I don’t know. There was a pretty good piece in the New England Journal of Medicine, but it’s really not clear enough for most readers (including myself).
The McCain and Obama websites give fairly comprehensive looks at their health plans, but nothing useful for a lay reader.
The good news is that both campaigns have a plan. The bad news is that it is virtually impossible for anyone who cares to make heads or tails of the two and compare them effectively.
Well, gentle reader, I’m going to do you a favor. As an educated and knowledgeable professional, I am not going to try to parse through the various written statements, all of which leave me with more questions, in order to help you understand the issue.
I’ve left requests with both campaigns to ask to speak directly to other human beings, and if all goes well, to present to you an unbiased look at both plans and their implications.
Don’t hold your breath. Obama’s website has a pretty easy way to leave press inquiries. McCain’s not so much.
I just realized, I should probably outline a few problems.
First, in the U.S., we cost more and yet deliver worst outcomes than most industrialized nations. Second, we leave large numbers of the population uninsured.
Third, we compensate doctors based on physical procedures done to patients and don’t compensate for using thinking a research to answer a question to improve a patient’s health.
Fourth, our medical education is expensive.
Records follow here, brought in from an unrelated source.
Definition cutset_hypergraph (V : finType) (e : rel V) : hypergraph V :=
  [set S : {set V} | minimal_cutset e S ].

Definition one_Sperner (V : finType) (H : hypergraph V) : Prop :=
  forall E F, E \in H -> F \in H -> E != F ->
    minn #|E :\: F| #|F :\: E| = 1.

Definition contains_hyperedge (V : finType) (H : hypergraph V) (A : {set V}) : Prop :=
  exists2 E, E \in H & E \subset A.

Definition two_summable (V : finType) (H : hypergraph V) : Prop :=
  exists A1 A2 B1 B2 : {set V},
    contains_hyperedge H A1 /\ contains_hyperedge H A2 /\
    ~ contains_hyperedge H B1 /\ ~ contains_hyperedge H B2 /\
    forall v, (v \in A1) + (v \in A2) = (v \in B1) + (v \in B2).

Definition two_asummable (V : finType) (H : hypergraph V) : Prop :=
  ~ two_summable H.

From Stdlib Require Import Reals Lia Lra.
From HB Require Import structures.
From mathcomp Require Import all_boot zify.
Set Implicit Arguments. Unset Strict Implicit. Unset Printing Implicit Defensive.

(* (1) A 1-Sperner hypergraph is threshold. Say that u dominates v if replacing v by u in a
   set never destroys the presence of an edge; in a 1-Sperner hypergraph this preorder is
   total, so some vertex z dominates all others. Every edge avoiding z then contains the
   support of the link of z, so a set contains an edge iff it contains z and an edge of the
   link, or the support of the link and an edge of the edges avoiding z with that support
   removed. Both parts are 1-Sperner on fewer vertices; their threshold weights, obtained by
   induction, glue lexicographically. A nonempty set is a CD set iff its complement contains
   no cutset, so passing to complements turns threshold weights of C(G) into weights that
   separate CD sets from the other sets.
   (2) If (w, t) witnesses connected-domishold and A1, A2, B1, B2 witness 2-summability, the
   complements of A1 and A2 are not CD sets and those of B1 and B2 are, so the first pair
   weighs less than 2t and the second at least 2t; yet both pairs have the same total
   weight. *)

Section Hypergraphs.
Variable V : finType.
Implicit Types (H : hypergraph V) (A E F G X Y U : {set V}) (u v x z : V) (w : V -> nat).

Definition has_edge H X : bool := [exists E in H, E \subset X].

Lemma has_edgeP H X : reflect (contains_hyperedge H X) (has_edge H X).
Proof. by apply: (iffP exists_inP) => -[E HE sEX]; exists E. Qed.

Lemma has_edgeS H X Y : X \subset Y -> has_edge H X -> has_edge H Y.
Proof.
move=> sXY /exists_inP[E HE sEX]; apply/exists_inP; exists E => //.
exact: subset_trans sXY.
Qed.

Lemma has_edgeU H1 H2 X : has_edge (H1 :|: H2) X = has_edge H1 X || has_edge H2 X.
Proof.
apply/exists_inP/orP => [[E] | [] /exists_inP[E HE sEX]].
- by rewrite inE => /orP[] HE sEX; [left | right]; apply/exists_inP; exists E.
- by exists E; rewrite // inE HE.
- by exists E; rewrite // inE HE orbT.
Qed.

Lemma has_edge_setIr H A X :
  (forall E, E \in H -> E \subset A) -> has_edge H (X :&: A) = has_edge H X.
Proof.
move=> subA; apply/idP/idP; first exact/has_edgeS/subsetIl.
by case/exists_inP=> E HE sEX; apply/exists_inP; exists E; rewrite // subsetI sEX subA.
Qed.

Lemma has_edge_imsetD H A X : (forall E, E \in H -> A \subset E) ->
  has_edge H X = (A \subset X) && has_edge [set E :\: A | E in H] X.
Proof.
move=> sAE; apply/exists_inP/andP => [[E HE sEX] | [sAX /exists_inP[_ /imsetP[E HE ->] sEX]]].
  split; first exact: subset_trans (sAE E HE) sEX.
  by apply/exists_inP; exists (E :\: A); [apply: imset_f | apply: subset_trans sEX; apply: subsetDl].
exists E => //; rewrite -(setID E A) subUset sEX andbT.
exact: subset_trans (subsetIr _ _) sAX.
Qed.

Definition wsum w X := \sum_(x in X) w x.

Lemma leq_wsum w X Y : X \subset Y -> wsum w X <= wsum w Y.
Proof.
by move=> sXY; rewrite /wsum [X in _ <= X](big_setID X) (setIidPr sXY) leq_addr.
Qed.

Lemma ltn_wsum w X Y v : X \subset Y -> v \in Y :\: X -> 0 < w v -> wsum w X < wsum w Y.
Proof.
move=> sXY vYX wv; rewrite /wsum [X in _ < X](big_setID X) (setIidPr sXY).
by rewrite -ltn_subLR ?subnn // (big_setD1 v) //= ltn_addr.
Qed.

Lemma wsumC w X : wsum w X + wsum w (~: X) = wsum w setT.
Proof. by rewrite /wsum [RHS](big_setID X) setTI setTD. Qed.

Definition threshold_weight H U w :=
  (forall x, x \in U -> 0 < w x) /\
  forall X Y, X \subset U -> Y \subset U ->
    has_edge H X -> ~~ has_edge H Y -> wsum w Y < wsum w X.

Lemma threshold_weight_trivial H U :
  (forall E, E \in H -> E = set0) -> threshold_weight H U (fun=> 1).
Proof.
move=> H0; split=> // X Y _ _ /exists_inP[E HE _] /exists_inP[]; exists E => //.
by rewrite (H0 E HE) sub0set.
Qed.

Lemma one_Sperner_sub_eq H E F : one_Sperner H -> E \in H -> F \in H -> E \subset F -> E = F.
Proof.
move=> h1 HE HF sEF; apply/eqP; apply: contraT => nEF.
have := h1 E F HE HF nEF.
have /eqP -> : E :\: F == set0 by rewrite setD_eq0.
by rewrite cards0 min0n.
Qed.

Lemma setD1_sub_of_card1 E F v : #|E :\: F| = 1 -> v \in E :\: F -> E :\ v \subset F.
Proof.
move=> /eqP/cards1P[x defEF]; rewrite defEF inE => /eqP->.
apply/subsetP => y; rewrite !inE => /andP[yx yE]; apply: contraNT yx => yF.
have : y \in E :\: F by rewrite inE yF yE.
by rewrite defEF inE.
Qed.

Lemma one_Sperner_exchange H E F u v : one_Sperner H -> E \in H -> F \in H ->
  v \in E :\: F -> u \in F :\: E -> (E :\ v \subset F) || (F :\ u \subset E).
Proof.
move=> h1 HE HF vEF uFE.
have nEF : E != F by apply: contraTneq vEF => ->; rewrite setDv inE.
have := h1 E F HE HF nEF; rewrite /minn; case: ifP => _ card1.
- by rewrite (setD1_sub_of_card1 card1 vEF).
- by rewrite (setD1_sub_of_card1 card1 uFE) orbT.
Qed.

Lemma one_Sperner_subset H H' : H' \subset H -> one_Sperner H -> one_Sperner H'.
Proof. by move=> sH h1 E F HE HF; apply: h1; apply: (subsetP sH). Qed.

Lemma one_Sperner_imsetD H A :
  (forall E, E \in H -> A \subset E) -> one_Sperner H -> one_Sperner [set E :\: A | E in H].
Proof.
move=> sAE h1 _ _ /imsetP[E HE ->] /imsetP[F HF ->] nEF.
have setDD G1 G2 : A \subset G2 -> (G1 :\: A) :\: (G2 :\: A) = G1 :\: G2.
  move=> sAG2; apply/setP => x; rewrite !inE.
  by case: (boolP (x \in A)) => [/(subsetP sAG2)->|]; rewrite ?andbF.
rewrite !setDD ?sAE //; apply: h1 => //.
by apply: contraNneq nEF => ->.
Qed.

Definition dominates H u v : bool :=
  [forall X : {set V},
    [&& u \notin X, v \notin X & has_edge H (v |: X)] ==> has_edge H (u |: X)].

Lemma dominatesP H u v :
  reflect (forall X, u \notin X -> v \notin X -> has_edge H (v |: X) -> has_edge H (u |: X))
          (dominates H u v).
Proof.
apply: (iffP forallP) => [h X uX vX hvX | h X]; last by apply/implyP => /and3P[]; apply: h.
by apply: (implyP (h X)); rewrite uX vX.
Qed.

Lemma dominates_refl H u : dominates H u u.
Proof. by apply/dominatesP. Qed.

Lemma dominates_trans H u v x : dominates H u v -> dominates H v x -> dominates H u x.
Proof.
move=> /dominatesP huv /dominatesP hvx; apply/dominatesP => X uX xX hxX.
have [-> // | ux] := eqVneq u x.
have [vX | vX] := boolP (v \in X); last exact/huv/hvx.
have vx : v != x by apply: contraNneq xX => <-.
have uv : u != v by apply: contraNneq uX => ->.
have defX : v |: (X :\ v) = X by rewrite setD1K.
have hu : has_edge H (u |: (x |: (X :\ v))).
  apply: huv; last by rewrite setUCA defX.
    by rewrite !inE negb_or ux negb_and uX orbT.
  by rewrite !inE negb_or vx eqxx.
rewrite -defX setUCA; apply: hvx; last by rewrite setUCA.
  by rewrite !inE negb_or eq_sym uv eqxx.
by rewrite !inE negb_or eq_sym ux negb_and xX orbT.
Qed.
So, graduating physicians have little incentive to take their debt-ridden bodies into a relatively lower paying primary care specialty and effectively force them into higher-paid, but less needed sub-specialties. We also create incentive for doctors to spend money by ordering tests and doing procedures, rather than by developing and following evidence-based guidelines.
The technology for electronic health records has been available for years, but for small practices such as my own, the cost is tremendous. EHRs improve patient care in innumerable ways, including tracking tests and other data, and improving communication with other providers and with patients.
That’s just a few things from a doctor’s perspective.